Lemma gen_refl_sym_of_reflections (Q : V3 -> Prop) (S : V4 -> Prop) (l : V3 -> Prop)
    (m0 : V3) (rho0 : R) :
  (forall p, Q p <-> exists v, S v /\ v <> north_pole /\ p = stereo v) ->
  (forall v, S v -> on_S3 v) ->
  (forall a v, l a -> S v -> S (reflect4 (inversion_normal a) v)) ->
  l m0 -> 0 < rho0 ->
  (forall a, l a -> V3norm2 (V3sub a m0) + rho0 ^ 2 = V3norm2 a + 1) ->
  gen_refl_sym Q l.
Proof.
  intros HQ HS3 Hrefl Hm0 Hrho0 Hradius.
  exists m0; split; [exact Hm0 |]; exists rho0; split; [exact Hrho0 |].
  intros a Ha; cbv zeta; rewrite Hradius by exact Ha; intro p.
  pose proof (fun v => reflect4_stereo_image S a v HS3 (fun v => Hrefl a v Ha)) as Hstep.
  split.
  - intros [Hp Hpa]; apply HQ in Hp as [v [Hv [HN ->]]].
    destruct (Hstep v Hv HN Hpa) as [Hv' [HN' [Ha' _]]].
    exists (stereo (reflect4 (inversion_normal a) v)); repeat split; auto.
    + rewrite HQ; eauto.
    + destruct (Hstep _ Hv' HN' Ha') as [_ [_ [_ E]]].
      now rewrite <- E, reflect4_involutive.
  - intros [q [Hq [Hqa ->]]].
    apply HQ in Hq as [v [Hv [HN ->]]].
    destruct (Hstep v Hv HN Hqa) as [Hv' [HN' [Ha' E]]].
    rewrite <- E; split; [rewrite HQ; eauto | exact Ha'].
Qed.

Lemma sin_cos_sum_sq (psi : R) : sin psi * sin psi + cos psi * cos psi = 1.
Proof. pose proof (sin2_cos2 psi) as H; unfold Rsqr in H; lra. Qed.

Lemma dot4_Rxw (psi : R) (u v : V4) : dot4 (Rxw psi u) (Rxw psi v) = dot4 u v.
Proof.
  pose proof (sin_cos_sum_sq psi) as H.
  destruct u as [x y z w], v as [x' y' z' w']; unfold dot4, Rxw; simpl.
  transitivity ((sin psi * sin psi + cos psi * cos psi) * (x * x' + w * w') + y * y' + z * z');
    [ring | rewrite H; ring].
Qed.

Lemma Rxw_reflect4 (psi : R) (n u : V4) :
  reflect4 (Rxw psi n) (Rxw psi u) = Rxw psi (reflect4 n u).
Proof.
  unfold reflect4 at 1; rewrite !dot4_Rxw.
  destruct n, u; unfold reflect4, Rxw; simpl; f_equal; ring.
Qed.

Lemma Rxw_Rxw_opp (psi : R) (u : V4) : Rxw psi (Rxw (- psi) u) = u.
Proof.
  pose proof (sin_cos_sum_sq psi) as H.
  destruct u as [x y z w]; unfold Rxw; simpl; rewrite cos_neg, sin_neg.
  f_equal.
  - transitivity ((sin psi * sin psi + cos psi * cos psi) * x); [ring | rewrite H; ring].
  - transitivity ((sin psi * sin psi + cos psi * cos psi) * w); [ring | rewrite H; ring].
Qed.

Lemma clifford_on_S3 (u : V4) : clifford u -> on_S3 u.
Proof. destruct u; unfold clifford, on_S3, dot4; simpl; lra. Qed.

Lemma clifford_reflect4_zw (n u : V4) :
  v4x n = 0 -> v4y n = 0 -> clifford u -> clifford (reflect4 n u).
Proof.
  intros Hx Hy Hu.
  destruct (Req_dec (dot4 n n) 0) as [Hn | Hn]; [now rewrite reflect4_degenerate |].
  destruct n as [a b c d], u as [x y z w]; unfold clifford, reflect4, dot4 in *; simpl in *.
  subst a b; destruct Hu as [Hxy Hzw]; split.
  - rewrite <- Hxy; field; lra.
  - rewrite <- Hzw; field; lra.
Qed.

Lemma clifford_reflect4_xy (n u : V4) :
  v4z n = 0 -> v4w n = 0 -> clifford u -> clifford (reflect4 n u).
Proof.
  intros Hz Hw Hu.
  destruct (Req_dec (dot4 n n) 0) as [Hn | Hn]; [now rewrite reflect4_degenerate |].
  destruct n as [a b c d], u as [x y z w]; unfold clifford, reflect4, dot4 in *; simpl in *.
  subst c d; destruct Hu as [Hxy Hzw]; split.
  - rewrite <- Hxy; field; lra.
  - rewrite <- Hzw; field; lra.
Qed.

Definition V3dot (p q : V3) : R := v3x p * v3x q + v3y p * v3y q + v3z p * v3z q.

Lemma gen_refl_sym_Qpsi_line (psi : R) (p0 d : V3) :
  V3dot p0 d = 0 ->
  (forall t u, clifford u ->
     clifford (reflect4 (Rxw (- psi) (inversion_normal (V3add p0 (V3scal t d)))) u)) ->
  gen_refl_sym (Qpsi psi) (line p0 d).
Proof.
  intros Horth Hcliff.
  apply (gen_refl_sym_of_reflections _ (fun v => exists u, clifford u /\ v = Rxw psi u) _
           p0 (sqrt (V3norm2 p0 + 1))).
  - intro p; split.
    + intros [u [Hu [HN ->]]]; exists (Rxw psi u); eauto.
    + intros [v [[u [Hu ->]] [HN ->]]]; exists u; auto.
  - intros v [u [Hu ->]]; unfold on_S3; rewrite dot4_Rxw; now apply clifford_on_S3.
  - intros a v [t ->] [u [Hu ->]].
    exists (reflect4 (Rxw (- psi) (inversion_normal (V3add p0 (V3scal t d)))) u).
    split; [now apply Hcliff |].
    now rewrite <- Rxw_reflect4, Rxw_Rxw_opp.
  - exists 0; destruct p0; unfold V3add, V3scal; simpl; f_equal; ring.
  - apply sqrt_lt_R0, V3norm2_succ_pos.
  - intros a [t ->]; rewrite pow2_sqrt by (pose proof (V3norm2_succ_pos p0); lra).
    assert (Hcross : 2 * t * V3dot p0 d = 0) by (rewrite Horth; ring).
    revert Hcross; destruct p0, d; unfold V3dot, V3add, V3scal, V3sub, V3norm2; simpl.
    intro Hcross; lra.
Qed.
○ ○ ○ ○ ○
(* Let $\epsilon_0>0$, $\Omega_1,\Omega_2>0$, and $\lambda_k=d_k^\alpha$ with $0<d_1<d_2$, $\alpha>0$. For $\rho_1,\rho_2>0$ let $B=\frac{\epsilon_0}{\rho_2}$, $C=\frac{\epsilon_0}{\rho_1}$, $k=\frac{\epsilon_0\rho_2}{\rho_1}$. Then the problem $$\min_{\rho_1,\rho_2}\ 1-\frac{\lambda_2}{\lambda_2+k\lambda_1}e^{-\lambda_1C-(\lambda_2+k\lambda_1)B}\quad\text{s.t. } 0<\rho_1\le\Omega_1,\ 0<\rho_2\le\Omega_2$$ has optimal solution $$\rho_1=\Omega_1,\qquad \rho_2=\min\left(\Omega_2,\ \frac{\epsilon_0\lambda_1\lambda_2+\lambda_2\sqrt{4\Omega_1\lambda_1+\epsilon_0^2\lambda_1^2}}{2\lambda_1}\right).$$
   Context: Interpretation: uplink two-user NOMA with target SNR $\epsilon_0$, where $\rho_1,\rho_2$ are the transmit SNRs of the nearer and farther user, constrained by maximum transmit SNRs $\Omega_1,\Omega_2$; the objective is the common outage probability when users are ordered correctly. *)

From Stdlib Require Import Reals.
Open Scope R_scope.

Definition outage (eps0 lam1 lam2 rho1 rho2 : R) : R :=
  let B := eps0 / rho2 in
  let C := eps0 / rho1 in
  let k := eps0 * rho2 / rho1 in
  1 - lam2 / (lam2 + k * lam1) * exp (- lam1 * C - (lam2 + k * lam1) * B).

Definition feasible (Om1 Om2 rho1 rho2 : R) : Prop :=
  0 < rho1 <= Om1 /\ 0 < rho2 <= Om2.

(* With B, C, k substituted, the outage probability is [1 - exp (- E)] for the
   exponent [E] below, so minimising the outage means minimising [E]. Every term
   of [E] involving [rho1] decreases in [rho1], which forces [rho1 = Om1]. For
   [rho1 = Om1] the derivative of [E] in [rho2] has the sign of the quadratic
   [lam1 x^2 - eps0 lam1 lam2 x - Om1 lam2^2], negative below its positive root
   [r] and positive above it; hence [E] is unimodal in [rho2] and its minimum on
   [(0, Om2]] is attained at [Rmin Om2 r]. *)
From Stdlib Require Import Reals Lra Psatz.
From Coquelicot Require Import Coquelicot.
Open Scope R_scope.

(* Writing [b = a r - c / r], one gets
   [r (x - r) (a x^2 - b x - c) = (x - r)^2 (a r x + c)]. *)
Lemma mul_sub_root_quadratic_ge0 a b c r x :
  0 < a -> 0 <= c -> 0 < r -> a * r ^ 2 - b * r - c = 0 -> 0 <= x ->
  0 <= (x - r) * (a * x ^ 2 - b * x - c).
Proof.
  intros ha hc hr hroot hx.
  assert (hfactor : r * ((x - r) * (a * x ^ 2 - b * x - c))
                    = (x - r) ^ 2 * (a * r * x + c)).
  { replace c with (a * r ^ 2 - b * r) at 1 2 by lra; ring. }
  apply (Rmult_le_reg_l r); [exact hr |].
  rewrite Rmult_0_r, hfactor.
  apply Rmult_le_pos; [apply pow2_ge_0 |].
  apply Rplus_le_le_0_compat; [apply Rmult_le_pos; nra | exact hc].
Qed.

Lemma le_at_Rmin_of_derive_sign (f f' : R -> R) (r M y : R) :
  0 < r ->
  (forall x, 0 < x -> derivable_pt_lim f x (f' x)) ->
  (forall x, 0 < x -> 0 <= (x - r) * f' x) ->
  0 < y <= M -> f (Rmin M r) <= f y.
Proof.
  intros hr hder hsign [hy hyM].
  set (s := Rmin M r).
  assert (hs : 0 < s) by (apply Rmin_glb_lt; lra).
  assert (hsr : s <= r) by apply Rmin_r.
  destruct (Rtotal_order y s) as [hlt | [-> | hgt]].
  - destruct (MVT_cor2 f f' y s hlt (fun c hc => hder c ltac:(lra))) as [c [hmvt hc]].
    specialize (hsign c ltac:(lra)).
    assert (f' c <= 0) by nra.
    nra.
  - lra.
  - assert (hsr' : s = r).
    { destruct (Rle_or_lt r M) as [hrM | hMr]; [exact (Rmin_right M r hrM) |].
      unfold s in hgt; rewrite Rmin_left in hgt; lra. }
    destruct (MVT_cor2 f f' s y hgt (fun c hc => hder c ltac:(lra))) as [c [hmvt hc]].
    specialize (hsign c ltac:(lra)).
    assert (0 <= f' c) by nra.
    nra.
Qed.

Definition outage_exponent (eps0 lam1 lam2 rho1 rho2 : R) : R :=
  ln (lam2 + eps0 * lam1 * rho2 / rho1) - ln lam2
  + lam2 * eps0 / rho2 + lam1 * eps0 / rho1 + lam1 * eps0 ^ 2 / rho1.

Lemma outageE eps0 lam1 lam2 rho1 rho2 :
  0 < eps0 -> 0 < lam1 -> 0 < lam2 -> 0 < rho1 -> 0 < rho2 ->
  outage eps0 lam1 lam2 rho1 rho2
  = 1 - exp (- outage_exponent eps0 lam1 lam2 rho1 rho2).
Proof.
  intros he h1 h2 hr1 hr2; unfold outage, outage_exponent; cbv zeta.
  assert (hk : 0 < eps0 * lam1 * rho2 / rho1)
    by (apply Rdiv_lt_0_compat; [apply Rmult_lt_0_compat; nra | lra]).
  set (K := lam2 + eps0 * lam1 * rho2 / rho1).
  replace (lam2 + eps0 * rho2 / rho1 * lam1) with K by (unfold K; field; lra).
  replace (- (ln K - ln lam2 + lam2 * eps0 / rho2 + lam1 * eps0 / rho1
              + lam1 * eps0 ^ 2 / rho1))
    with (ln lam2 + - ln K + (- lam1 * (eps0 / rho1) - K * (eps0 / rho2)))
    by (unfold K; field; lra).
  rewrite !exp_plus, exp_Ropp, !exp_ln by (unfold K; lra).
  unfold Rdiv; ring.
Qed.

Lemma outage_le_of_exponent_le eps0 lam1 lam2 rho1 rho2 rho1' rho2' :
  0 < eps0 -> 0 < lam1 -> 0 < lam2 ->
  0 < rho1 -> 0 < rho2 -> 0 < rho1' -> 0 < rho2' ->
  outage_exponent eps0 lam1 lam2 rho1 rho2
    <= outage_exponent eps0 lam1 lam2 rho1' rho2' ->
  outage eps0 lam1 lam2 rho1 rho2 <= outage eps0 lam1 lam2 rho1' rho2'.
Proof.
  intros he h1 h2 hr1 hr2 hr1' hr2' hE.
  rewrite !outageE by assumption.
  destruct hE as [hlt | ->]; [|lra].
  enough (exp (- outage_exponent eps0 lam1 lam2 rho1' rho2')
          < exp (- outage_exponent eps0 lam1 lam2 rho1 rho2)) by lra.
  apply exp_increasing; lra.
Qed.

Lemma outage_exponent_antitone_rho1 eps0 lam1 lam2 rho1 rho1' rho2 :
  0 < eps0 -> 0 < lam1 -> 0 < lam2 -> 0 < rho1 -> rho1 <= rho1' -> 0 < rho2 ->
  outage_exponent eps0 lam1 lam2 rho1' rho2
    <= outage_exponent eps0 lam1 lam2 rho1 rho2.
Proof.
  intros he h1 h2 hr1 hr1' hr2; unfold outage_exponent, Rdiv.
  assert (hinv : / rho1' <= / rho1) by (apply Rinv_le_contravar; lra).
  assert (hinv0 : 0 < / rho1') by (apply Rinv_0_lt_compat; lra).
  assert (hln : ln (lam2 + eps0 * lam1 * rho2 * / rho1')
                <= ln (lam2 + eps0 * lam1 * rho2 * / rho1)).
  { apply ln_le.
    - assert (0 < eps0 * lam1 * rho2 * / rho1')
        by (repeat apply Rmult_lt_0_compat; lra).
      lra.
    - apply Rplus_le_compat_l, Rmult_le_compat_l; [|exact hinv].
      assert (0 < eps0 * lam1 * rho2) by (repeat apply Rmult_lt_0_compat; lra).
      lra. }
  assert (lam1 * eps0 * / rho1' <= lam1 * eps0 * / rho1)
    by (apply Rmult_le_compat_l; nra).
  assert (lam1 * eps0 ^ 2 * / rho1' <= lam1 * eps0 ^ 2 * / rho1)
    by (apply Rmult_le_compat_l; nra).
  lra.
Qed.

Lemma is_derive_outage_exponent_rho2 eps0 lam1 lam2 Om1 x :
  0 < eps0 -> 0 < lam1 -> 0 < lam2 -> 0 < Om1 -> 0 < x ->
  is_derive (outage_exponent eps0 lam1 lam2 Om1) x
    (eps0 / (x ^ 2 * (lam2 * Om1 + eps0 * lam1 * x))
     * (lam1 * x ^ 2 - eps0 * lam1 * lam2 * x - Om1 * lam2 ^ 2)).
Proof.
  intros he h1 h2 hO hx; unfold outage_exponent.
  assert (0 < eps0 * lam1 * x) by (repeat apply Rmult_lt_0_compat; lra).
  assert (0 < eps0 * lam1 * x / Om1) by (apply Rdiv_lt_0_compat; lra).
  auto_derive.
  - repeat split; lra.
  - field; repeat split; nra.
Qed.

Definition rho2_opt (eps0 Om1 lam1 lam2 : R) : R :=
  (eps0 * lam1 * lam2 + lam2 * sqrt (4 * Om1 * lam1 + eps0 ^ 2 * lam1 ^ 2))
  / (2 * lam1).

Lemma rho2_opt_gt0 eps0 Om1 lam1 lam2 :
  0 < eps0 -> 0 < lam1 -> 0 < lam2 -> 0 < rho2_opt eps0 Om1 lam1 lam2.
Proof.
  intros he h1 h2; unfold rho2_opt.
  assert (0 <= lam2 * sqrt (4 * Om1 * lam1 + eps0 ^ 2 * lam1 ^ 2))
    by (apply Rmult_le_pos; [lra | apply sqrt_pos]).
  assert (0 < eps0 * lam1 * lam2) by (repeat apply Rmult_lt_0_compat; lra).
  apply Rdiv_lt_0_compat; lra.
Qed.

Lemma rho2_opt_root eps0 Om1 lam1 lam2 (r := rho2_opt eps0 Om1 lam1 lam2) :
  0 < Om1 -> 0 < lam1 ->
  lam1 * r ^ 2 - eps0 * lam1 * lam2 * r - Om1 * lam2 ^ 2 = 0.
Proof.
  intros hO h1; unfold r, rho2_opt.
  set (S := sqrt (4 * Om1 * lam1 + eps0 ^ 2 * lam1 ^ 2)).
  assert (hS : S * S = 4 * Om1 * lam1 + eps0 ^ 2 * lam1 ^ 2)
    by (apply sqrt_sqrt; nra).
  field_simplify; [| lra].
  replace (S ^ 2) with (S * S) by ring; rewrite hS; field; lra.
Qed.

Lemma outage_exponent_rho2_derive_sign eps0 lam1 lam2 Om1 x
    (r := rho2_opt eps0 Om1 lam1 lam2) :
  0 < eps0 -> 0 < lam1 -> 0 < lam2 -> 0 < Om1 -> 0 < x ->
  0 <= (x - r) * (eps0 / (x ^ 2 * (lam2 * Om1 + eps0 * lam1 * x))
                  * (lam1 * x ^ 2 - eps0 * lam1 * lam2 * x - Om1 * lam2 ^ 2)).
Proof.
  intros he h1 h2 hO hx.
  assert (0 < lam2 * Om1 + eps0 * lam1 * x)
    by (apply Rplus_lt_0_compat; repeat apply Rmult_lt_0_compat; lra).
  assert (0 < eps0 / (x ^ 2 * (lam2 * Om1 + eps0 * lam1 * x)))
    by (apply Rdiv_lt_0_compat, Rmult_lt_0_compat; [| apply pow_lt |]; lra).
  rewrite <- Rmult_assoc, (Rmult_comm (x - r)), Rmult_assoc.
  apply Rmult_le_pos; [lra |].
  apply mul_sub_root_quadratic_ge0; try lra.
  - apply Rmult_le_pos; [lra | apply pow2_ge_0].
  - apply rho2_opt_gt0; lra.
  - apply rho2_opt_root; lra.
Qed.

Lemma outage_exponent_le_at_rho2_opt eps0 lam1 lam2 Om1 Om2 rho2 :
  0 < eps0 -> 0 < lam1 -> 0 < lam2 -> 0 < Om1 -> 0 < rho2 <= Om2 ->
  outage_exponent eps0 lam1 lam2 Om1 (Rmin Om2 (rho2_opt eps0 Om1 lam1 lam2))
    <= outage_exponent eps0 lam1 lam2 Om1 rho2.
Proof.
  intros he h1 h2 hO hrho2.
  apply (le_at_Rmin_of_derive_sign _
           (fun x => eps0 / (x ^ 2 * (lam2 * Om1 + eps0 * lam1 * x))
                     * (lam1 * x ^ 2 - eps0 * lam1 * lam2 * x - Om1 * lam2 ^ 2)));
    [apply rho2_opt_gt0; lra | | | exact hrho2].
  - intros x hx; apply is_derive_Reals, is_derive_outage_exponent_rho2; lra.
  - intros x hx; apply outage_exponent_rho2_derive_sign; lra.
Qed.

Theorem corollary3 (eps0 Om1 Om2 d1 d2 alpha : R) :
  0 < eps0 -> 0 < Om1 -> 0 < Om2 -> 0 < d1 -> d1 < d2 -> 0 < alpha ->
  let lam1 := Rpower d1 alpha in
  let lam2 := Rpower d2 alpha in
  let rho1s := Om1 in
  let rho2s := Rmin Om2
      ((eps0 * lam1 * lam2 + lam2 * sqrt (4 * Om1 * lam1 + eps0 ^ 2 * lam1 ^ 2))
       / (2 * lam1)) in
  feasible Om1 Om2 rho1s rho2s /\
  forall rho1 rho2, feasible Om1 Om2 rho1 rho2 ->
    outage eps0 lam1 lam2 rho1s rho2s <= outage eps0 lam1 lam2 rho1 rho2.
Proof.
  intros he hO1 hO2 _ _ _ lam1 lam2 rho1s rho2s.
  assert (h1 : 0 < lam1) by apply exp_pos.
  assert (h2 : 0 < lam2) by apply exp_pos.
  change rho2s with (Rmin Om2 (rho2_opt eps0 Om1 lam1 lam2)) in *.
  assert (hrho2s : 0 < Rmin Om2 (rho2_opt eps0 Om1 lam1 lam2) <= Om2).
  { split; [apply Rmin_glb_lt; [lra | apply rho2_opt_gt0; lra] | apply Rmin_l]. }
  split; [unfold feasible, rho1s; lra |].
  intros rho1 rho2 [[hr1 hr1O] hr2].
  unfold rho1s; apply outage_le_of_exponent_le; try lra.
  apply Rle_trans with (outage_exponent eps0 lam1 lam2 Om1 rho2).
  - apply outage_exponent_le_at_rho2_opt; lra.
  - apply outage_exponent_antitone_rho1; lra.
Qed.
○ ○ ○ ○ ○
▸ Exercise objective:
Using the entries above, output exactly the lines between the line holding "rewrite <- E;" and the line holding "Lemma Rxw_reflect4 (psi", end lines included, and nothing more.

▸ Written solution:
    rewrite <- E; split; [rewrite HQ; eauto | exact Ha'].
Qed.

Lemma sin_cos_sum_sq (psi : R) : sin psi * sin psi + cos psi * cos psi = 1.
Proof. pose proof (sin2_cos2 psi) as H; unfold Rsqr in H; lra. Qed.

Lemma dot4_Rxw (psi : R) (u v : V4) : dot4 (Rxw psi u) (Rxw psi v) = dot4 u v.
Proof.
  pose proof (sin_cos_sum_sq psi) as H.
  destruct u as [x y z w], v as [x' y' z' w']; unfold dot4, Rxw; simpl.
  transitivity ((sin psi * sin psi + cos psi * cos psi) * (x * x' + w * w') + y * y' + z * z');
    [ring | rewrite H; ring].
Qed.

Lemma Rxw_reflect4 (psi : R) (n u : V4) :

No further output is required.